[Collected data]

##########

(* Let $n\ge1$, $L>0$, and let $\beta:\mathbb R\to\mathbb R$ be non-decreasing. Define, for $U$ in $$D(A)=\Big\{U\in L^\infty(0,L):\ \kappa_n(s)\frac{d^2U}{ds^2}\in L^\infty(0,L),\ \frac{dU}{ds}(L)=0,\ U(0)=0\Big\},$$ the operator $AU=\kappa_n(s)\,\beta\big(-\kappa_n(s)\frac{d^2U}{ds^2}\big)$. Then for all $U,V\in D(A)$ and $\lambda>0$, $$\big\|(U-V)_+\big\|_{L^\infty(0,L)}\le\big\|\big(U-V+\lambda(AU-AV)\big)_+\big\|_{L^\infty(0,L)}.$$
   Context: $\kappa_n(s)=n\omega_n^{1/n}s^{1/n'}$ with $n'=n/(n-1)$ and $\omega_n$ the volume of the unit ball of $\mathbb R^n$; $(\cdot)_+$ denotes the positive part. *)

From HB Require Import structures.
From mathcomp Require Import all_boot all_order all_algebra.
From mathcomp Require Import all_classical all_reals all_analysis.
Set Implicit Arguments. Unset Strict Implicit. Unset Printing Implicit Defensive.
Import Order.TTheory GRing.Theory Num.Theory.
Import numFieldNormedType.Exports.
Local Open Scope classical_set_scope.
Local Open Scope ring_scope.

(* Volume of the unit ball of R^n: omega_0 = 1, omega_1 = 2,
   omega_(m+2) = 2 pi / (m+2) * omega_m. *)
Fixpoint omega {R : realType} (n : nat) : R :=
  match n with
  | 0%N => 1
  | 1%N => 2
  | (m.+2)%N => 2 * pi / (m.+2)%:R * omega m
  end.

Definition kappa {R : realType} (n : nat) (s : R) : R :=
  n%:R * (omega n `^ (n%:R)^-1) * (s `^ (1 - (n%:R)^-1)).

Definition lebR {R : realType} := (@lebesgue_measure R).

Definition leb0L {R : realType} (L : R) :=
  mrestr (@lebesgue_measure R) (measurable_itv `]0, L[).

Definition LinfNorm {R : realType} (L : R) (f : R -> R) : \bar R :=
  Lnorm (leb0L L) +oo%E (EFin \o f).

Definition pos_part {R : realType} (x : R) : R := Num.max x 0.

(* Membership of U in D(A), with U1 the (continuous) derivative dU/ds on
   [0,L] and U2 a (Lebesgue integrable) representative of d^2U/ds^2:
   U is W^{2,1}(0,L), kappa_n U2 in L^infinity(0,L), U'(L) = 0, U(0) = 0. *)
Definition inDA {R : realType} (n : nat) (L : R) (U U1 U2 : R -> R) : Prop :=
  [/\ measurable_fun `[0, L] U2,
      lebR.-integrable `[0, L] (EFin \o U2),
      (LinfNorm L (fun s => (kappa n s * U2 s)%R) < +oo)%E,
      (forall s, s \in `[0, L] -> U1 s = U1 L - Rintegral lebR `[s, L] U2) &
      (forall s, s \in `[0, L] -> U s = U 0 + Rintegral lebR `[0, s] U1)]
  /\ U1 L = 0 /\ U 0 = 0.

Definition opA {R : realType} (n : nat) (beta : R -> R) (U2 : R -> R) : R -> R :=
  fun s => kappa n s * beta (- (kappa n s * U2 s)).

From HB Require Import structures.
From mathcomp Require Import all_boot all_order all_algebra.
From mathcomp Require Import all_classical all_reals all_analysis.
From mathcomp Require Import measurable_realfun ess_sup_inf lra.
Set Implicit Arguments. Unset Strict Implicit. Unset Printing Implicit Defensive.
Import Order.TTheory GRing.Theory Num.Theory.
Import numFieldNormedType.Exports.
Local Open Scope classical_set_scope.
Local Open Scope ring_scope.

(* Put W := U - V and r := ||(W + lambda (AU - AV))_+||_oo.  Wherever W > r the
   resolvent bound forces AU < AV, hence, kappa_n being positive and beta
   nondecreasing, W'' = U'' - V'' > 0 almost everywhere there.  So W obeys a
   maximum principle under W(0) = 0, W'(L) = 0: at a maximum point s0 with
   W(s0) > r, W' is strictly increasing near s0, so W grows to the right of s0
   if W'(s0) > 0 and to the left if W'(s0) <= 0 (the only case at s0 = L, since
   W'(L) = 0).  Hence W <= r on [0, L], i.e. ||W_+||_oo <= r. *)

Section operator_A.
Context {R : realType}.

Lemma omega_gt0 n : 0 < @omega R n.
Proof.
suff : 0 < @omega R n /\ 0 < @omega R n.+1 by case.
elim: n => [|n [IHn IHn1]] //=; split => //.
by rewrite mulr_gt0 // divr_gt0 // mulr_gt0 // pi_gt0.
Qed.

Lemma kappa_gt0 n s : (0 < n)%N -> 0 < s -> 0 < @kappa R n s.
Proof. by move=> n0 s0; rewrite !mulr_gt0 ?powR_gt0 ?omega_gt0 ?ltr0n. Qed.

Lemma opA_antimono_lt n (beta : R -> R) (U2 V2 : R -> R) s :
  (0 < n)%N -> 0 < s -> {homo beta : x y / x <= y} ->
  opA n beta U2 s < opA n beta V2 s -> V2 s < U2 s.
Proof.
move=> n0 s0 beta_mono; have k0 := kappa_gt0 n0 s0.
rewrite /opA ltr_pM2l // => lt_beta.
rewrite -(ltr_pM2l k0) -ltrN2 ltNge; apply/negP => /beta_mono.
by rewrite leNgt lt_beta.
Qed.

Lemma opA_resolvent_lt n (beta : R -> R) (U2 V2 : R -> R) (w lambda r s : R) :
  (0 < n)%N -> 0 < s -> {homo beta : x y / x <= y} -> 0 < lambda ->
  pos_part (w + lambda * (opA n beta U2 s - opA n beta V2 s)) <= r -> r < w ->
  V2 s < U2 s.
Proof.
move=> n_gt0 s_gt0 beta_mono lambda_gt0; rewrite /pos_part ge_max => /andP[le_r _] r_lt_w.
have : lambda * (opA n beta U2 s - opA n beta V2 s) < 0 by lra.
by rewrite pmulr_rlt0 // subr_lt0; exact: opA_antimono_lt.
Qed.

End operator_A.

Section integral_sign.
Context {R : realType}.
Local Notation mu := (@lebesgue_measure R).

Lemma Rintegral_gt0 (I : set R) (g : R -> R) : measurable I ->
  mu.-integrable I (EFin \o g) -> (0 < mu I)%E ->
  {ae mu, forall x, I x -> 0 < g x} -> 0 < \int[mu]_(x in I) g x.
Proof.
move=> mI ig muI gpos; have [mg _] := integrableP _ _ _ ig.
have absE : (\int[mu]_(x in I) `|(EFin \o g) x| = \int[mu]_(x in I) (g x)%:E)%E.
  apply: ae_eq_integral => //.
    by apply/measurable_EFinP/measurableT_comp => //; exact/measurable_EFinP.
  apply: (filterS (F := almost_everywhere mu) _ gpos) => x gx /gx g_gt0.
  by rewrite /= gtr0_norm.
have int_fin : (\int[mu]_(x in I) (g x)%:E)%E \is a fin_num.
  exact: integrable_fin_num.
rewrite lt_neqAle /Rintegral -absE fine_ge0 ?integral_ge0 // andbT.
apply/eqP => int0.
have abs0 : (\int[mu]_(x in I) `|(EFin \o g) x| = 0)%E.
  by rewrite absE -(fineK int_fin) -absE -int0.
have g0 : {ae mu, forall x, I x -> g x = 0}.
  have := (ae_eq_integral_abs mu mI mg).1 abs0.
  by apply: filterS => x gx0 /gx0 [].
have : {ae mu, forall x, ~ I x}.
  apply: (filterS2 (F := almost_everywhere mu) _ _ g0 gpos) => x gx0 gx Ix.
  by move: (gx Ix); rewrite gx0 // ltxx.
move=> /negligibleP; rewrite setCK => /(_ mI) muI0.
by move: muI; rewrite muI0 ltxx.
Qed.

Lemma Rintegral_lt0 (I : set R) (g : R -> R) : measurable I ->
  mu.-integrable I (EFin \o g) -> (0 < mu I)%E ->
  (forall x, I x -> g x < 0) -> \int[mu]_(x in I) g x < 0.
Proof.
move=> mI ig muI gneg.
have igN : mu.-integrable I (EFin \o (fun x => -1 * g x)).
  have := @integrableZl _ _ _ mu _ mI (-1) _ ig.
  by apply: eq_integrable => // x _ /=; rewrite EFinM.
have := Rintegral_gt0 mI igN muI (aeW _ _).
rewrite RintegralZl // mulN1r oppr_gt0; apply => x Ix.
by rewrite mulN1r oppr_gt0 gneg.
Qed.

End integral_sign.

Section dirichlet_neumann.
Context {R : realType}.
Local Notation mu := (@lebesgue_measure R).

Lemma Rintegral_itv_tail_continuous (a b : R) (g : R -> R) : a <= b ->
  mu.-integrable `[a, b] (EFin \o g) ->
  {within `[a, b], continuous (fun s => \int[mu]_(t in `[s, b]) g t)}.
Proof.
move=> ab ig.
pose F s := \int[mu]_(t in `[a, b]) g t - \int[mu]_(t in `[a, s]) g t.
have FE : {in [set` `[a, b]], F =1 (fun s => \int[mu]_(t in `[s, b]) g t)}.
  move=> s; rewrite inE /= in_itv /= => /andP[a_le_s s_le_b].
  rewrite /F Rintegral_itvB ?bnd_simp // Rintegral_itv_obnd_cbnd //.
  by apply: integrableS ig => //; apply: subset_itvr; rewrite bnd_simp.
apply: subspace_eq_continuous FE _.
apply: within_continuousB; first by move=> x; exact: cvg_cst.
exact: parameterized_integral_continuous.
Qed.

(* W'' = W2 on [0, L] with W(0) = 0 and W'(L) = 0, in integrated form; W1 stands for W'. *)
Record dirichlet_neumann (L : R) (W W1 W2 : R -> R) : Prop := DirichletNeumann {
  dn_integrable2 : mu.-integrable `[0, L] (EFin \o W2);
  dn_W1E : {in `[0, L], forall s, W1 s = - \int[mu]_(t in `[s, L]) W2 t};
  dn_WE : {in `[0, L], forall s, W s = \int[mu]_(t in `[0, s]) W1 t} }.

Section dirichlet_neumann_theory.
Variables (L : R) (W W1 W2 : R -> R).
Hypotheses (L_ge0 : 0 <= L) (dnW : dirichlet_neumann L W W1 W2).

##########

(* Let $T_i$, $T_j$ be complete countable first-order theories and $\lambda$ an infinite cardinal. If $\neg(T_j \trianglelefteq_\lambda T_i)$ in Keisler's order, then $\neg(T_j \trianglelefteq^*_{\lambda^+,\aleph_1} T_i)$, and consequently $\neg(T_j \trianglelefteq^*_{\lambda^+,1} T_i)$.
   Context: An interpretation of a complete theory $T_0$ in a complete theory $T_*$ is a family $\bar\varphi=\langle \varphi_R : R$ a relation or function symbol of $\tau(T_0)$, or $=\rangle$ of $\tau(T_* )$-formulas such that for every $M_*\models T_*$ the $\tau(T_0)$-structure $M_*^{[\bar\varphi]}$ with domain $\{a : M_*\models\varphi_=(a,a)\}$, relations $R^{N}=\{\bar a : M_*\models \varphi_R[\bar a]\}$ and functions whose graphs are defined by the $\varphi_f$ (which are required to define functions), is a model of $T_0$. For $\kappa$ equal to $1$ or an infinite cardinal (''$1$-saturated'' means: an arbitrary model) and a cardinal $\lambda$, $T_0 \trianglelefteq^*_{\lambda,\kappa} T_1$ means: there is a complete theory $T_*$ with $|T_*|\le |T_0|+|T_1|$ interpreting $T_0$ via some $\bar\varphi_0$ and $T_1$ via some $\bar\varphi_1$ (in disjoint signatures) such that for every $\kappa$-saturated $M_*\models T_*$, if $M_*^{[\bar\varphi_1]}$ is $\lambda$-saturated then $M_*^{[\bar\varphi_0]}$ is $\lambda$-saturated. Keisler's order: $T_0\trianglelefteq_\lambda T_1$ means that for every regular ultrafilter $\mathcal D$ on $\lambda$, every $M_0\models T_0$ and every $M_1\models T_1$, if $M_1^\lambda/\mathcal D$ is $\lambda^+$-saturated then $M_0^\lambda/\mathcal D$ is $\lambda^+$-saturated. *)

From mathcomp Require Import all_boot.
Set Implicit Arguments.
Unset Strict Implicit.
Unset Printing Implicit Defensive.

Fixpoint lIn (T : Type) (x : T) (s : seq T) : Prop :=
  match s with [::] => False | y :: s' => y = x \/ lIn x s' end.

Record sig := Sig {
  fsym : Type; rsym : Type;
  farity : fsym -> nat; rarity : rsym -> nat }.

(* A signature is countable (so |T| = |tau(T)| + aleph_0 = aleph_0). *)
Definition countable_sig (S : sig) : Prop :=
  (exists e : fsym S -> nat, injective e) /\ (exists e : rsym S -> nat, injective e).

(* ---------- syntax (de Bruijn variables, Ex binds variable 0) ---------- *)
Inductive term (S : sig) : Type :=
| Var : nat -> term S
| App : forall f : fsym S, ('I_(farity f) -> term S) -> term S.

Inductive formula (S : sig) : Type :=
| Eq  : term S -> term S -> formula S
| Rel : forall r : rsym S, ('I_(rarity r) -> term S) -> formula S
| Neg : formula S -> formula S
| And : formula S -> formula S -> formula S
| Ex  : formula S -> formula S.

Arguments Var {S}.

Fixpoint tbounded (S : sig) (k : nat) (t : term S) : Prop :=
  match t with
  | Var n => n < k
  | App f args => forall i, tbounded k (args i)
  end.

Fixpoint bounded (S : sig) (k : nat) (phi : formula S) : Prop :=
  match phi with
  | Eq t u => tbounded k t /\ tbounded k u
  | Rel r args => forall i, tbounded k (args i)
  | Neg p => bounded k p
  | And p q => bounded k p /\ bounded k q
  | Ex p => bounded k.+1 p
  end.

##########

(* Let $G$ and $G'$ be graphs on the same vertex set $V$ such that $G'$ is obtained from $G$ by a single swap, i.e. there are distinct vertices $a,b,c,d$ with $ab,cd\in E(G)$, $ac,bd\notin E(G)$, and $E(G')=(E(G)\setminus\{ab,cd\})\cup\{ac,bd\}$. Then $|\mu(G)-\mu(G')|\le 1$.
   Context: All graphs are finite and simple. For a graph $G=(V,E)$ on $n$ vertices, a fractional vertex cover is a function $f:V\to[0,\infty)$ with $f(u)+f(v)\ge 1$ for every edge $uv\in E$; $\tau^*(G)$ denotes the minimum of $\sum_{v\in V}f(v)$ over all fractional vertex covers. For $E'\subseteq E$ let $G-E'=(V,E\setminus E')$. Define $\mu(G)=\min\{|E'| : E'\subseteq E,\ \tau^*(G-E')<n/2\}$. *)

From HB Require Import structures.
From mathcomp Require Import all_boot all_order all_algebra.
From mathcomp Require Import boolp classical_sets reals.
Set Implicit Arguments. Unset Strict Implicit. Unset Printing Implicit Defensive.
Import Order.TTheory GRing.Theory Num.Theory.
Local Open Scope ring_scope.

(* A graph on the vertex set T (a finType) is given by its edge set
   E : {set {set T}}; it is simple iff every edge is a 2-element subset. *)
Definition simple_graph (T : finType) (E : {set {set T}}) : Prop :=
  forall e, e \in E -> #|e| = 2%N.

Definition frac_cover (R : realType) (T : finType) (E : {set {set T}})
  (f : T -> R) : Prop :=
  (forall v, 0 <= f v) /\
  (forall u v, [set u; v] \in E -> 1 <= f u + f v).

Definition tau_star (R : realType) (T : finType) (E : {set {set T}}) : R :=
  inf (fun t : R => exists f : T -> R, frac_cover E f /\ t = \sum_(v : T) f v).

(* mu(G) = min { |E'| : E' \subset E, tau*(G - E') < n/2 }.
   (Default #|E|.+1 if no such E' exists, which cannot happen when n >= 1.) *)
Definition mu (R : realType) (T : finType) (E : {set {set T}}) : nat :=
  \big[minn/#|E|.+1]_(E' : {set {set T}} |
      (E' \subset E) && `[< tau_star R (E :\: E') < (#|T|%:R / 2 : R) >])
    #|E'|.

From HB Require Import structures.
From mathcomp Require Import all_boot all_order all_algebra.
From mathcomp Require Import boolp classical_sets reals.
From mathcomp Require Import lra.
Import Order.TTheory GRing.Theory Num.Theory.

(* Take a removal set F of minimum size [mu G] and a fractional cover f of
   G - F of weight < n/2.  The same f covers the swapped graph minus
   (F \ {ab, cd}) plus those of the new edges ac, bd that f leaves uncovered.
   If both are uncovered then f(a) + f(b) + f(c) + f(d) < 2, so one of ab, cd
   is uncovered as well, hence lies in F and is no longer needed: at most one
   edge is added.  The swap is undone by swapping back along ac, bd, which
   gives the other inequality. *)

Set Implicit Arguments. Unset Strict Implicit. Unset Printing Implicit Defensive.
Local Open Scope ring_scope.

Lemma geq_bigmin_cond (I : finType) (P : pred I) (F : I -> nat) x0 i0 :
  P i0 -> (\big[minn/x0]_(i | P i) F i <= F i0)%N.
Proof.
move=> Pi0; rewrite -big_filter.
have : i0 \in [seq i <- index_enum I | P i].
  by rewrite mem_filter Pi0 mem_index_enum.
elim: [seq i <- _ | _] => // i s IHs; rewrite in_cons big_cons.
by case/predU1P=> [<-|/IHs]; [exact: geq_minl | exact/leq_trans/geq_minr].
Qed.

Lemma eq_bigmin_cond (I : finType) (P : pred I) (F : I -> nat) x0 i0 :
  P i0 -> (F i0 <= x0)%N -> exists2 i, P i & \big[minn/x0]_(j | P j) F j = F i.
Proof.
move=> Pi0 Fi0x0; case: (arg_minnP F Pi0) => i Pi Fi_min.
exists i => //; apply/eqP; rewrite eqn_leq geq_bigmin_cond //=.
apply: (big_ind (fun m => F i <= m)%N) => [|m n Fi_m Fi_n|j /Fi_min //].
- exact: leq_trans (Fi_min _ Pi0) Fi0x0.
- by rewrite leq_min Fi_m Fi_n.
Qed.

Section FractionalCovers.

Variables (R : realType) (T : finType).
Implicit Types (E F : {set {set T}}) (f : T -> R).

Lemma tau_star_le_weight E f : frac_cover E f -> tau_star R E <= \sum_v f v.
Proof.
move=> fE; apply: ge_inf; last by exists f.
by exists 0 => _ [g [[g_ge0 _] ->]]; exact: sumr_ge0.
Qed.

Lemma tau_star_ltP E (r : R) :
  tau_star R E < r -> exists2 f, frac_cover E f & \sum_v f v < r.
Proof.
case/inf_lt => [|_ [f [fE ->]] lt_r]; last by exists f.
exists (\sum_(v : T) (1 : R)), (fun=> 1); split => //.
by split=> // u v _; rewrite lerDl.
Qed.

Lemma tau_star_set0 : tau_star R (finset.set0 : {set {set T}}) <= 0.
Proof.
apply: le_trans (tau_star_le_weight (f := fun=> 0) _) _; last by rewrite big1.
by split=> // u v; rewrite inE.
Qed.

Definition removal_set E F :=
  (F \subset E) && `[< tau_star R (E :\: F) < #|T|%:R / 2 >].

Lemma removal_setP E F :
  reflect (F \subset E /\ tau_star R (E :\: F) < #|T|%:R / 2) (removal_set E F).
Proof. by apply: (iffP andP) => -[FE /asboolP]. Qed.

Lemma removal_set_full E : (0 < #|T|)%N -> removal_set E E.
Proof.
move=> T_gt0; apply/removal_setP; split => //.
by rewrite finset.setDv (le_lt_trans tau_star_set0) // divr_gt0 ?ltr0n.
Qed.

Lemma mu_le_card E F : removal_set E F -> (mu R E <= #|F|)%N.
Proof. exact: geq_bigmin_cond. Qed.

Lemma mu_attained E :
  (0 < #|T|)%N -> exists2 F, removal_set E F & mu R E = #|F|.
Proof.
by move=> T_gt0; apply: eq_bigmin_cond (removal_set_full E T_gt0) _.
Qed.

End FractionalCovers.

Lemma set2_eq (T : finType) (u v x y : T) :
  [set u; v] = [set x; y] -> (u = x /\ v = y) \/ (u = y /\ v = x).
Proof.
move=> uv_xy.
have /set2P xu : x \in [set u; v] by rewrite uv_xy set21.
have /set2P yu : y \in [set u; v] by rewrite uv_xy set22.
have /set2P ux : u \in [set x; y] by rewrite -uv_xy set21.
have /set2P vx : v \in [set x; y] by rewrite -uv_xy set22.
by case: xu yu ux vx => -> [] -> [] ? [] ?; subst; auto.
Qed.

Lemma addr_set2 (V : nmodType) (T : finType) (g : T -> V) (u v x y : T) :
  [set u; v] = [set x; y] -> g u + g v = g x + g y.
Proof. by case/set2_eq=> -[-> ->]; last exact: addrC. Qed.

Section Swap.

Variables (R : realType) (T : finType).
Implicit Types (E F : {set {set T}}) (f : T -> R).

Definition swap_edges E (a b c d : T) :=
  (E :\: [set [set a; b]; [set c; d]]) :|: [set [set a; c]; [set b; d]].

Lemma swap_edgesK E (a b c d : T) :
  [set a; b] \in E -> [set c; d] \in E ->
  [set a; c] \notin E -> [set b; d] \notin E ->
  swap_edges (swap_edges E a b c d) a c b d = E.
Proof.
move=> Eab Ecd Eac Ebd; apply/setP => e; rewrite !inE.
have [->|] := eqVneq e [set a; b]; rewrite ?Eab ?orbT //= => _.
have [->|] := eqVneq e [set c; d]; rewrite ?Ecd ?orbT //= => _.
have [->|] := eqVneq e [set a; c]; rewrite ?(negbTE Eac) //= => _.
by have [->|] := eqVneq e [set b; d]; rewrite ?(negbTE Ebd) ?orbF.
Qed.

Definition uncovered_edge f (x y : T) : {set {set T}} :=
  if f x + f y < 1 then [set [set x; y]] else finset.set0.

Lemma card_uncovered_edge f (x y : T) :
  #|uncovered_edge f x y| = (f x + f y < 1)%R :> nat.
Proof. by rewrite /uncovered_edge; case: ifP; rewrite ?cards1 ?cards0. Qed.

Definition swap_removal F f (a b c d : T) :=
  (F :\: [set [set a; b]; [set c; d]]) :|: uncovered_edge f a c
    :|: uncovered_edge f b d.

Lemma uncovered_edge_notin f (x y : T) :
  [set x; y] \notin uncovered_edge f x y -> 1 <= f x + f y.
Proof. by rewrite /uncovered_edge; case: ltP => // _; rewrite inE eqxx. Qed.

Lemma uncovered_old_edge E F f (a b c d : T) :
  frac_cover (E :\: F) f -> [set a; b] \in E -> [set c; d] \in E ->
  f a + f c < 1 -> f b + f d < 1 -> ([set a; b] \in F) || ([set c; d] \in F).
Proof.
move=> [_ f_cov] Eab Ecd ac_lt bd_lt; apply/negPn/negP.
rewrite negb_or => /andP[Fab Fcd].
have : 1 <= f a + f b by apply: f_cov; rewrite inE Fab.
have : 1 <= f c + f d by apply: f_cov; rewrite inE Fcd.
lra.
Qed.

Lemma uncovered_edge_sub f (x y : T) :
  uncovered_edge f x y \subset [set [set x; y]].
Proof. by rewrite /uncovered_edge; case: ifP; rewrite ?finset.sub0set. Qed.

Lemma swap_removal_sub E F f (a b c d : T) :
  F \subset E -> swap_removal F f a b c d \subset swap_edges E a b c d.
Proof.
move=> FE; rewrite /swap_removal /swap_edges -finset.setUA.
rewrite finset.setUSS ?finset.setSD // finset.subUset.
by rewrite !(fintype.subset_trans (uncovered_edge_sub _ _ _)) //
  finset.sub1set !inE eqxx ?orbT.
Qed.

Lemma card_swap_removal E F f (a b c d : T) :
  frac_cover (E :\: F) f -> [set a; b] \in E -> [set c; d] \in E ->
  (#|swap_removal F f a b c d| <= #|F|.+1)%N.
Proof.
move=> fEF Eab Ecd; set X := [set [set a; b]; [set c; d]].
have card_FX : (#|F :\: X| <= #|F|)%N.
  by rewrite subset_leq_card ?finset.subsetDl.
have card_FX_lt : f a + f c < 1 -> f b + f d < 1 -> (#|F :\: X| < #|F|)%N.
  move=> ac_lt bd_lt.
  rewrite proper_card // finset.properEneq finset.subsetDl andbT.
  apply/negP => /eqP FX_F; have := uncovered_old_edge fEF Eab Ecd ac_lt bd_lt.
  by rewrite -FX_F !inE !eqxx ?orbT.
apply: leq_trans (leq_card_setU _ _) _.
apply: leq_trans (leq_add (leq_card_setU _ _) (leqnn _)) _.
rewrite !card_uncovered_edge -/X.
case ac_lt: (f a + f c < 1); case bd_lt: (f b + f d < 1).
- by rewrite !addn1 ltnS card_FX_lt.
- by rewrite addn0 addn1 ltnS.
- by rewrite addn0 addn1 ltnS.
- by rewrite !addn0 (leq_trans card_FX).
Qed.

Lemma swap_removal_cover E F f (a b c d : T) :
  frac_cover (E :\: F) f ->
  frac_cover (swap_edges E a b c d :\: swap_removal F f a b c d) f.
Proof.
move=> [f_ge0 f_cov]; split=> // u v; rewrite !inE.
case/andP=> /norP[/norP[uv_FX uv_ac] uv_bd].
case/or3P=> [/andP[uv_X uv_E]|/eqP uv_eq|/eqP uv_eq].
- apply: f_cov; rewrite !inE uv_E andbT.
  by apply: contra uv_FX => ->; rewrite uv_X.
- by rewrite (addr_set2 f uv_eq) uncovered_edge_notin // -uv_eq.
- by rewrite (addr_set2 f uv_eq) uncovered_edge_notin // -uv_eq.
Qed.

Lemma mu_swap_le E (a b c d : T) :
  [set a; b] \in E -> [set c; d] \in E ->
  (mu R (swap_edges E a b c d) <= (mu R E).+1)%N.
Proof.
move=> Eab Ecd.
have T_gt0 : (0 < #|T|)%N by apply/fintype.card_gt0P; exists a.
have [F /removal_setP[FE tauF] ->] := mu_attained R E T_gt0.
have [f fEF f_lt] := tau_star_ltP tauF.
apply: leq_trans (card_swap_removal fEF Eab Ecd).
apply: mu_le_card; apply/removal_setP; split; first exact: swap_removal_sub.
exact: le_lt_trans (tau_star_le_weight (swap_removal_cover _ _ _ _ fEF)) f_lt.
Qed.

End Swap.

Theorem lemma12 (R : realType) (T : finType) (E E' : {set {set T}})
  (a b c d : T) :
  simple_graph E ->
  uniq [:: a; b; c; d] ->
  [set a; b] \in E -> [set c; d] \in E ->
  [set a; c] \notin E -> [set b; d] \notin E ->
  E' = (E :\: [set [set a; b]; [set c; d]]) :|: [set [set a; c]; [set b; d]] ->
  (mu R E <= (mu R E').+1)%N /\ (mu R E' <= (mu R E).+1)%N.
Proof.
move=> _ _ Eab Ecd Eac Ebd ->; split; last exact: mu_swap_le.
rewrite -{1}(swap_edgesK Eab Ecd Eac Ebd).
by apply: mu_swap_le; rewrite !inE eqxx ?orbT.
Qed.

##########

**Task statement**
Scan the records above for the lines holding "have : i0 \in [seq i <- index_enum I | P i]." and "Section FractionalCovers.". Transcribe those two and every line between them word for word, and no others.

**Expected answer**
have : i0 \in [seq i <- index_enum I | P i].
  by rewrite mem_filter Pi0 mem_index_enum.
elim: [seq i <- _ | _] => // i s IHs; rewrite in_cons big_cons.
by case/predU1P=> [<-|/IHs]; [exact: geq_minl | exact/leq_trans/geq_minr].
Qed.

Lemma eq_bigmin_cond (I : finType) (P : pred I) (F : I -> nat) x0 i0 :
  P i0 -> (F i0 <= x0)%N -> exists2 i, P i & \big[minn/x0]_(j | P j) F j = F i.
Proof.
move=> Pi0 Fi0x0; case: (arg_minnP F Pi0) => i Pi Fi_min.
exists i => //; apply/eqP; rewrite eqn_leq geq_bigmin_cond //=.
apply: (big_ind (fun m => F i <= m)%N) => [|m n Fi_m Fi_n|j /Fi_min //].
- exact: leq_trans (Fi_min _ Pi0) Fi0x0.
- by rewrite leq_min Fi_m Fi_n.
Qed.

Section FractionalCovers.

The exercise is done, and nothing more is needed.